**Task directions**: One number alone answers this: the count of lines below in which the word "exact" is found.

================

Lemma separated_in_ideal s t :
  rf_compatible M I -> I s -> I t -> s <> t -> finitely_separated M s t.
Proof.
  intros Hrf Is It Hst.
  destruct (Hrf s t Is It Hst) as [rho [Hrho [Hfin [Hnst Hdiag]]]].
  destruct (finite_quotient _ _ (rho_ext_congruence rho Hrho Hdiag)
              (rho_ext_finite_index rho Hrho Hdiag Hfin)) as [F [f [HF [H1 [Hmul Hker]]]]].
  exists F, f. split; [|split; [|split]]; try assumption.
  intros E. apply Hnst, (rho_ext_in_ideal rho Hrho); auto.
Qed.

Lemma separated_off_ideal s t :
  residually_finite_sub M (complement0 M I) -> ~ (I s /\ I t) -> s <> t ->
  finitely_separated M s t.
Proof.
  intros Hsub Hnst Hst.
  destruct (Hsub (rees_map s) (rees_map t) (rees_map_complement0 s) (rees_map_complement0 t)
              (rees_map_neq s t Hst Hnst)) as [F [g [HF [G1 [Gmul Gst]]]]].
  exists F, (fun x => g (rees_map x)). split; [|split; [|split]].
  - exact HF.
  - simpl. rewrite rees_map_one. exact G1.
  - intros x y. simpl. rewrite rees_map_mul. apply Gmul; apply rees_map_complement0.
  - exact Gst.
Qed.

End Ideal.

Theorem mainTheorem10 (M : monoid0) (I : M -> Prop) :
  ideal M I -> rf_compatible M I -> submonoid M (complement0 M I) ->
  (residually_finite M <-> residually_finite_sub M (complement0 M I)).
Proof.
  intros HI Hrf HN. split.
  - intros HM s t _ _ Hst.
    destruct (HM s t Hst) as [F [f [HF [H1 [Hmul Hft]]]]].
    exists F, f. split; [|split; [|split]]; auto.
  - intros Hsub s t Hst. destruct (classic (I s /\ I t)) as [[Is It]|Hnst].
    + apply (separated_in_ideal M I HI HN); assumption.
    + apply (separated_off_ideal M I HI HN); assumption.
Qed.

================

**Written reply**: 3